◆ YOUR ASSIGNMENT:
After finding the line with "exists (top x - k0%:Z); split => // m hm." in the entries below, retype exactly each line from there through the line with "rewrite coefLS1 eqxx;", including that final line.

INFORMATION SUPPLIED below:

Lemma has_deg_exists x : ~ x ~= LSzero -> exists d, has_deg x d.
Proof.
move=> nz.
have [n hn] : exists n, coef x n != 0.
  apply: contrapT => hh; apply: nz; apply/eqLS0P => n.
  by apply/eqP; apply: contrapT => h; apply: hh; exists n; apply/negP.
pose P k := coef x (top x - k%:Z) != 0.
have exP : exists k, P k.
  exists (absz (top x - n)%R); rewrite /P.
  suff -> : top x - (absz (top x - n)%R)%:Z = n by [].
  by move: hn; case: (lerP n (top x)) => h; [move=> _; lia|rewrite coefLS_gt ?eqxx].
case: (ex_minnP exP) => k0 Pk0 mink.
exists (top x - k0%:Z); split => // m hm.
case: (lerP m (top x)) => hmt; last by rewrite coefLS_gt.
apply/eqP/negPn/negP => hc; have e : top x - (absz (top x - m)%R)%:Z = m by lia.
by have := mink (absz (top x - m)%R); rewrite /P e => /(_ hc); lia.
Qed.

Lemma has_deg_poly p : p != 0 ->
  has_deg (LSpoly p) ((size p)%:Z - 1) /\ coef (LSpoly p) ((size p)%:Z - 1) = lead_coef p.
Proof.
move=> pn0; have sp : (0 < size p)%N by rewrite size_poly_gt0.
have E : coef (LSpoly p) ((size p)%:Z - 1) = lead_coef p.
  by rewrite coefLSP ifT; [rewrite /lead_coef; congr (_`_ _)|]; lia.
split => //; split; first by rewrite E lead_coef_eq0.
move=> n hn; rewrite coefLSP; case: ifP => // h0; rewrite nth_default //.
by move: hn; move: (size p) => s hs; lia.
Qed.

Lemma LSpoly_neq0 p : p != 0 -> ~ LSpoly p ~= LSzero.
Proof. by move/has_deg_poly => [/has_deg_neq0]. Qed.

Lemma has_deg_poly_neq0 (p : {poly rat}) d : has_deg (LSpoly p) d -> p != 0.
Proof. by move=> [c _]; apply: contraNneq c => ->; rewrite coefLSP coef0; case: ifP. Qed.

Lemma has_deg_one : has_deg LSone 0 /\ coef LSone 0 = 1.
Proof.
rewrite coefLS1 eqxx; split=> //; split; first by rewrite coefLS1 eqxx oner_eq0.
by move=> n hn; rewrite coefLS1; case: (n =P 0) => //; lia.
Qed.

End of INFORMATION SUPPLIED.

◆ FINISHED TASK:
exists (top x - k0%:Z); split => // m hm.
case: (lerP m (top x)) => hmt; last by rewrite coefLS_gt.
apply/eqP/negPn/negP => hc; have e : top x - (absz (top x - m)%R)%:Z = m by lia.
by have := mink (absz (top x - m)%R); rewrite /P e => /(_ hc); lia.
Qed.

Lemma has_deg_poly p : p != 0 ->
  has_deg (LSpoly p) ((size p)%:Z - 1) /\ coef (LSpoly p) ((size p)%:Z - 1) = lead_coef p.
Proof.
move=> pn0; have sp : (0 < size p)%N by rewrite size_poly_gt0.
have E : coef (LSpoly p) ((size p)%:Z - 1) = lead_coef p.
  by rewrite coefLSP ifT; [rewrite /lead_coef; congr (_`_ _)|]; lia.
split => //; split; first by rewrite E lead_coef_eq0.
move=> n hn; rewrite coefLSP; case: ifP => // h0; rewrite nth_default //.
by move: hn; move: (size p) => s hs; lia.
Qed.

Lemma LSpoly_neq0 p : p != 0 -> ~ LSpoly p ~= LSzero.
Proof. by move/has_deg_poly => [/has_deg_neq0]. Qed.

Lemma has_deg_poly_neq0 (p : {poly rat}) d : has_deg (LSpoly p) d -> p != 0.
Proof. by move=> [c _]; apply: contraNneq c => ->; rewrite coefLSP coef0; case: ifP. Qed.

Lemma has_deg_one : has_deg LSone 0 /\ coef LSone 0 = 1.
Proof.
rewrite coefLS1 eqxx; split=> //; split; first by rewrite coefLS1 eqxx oner_eq0.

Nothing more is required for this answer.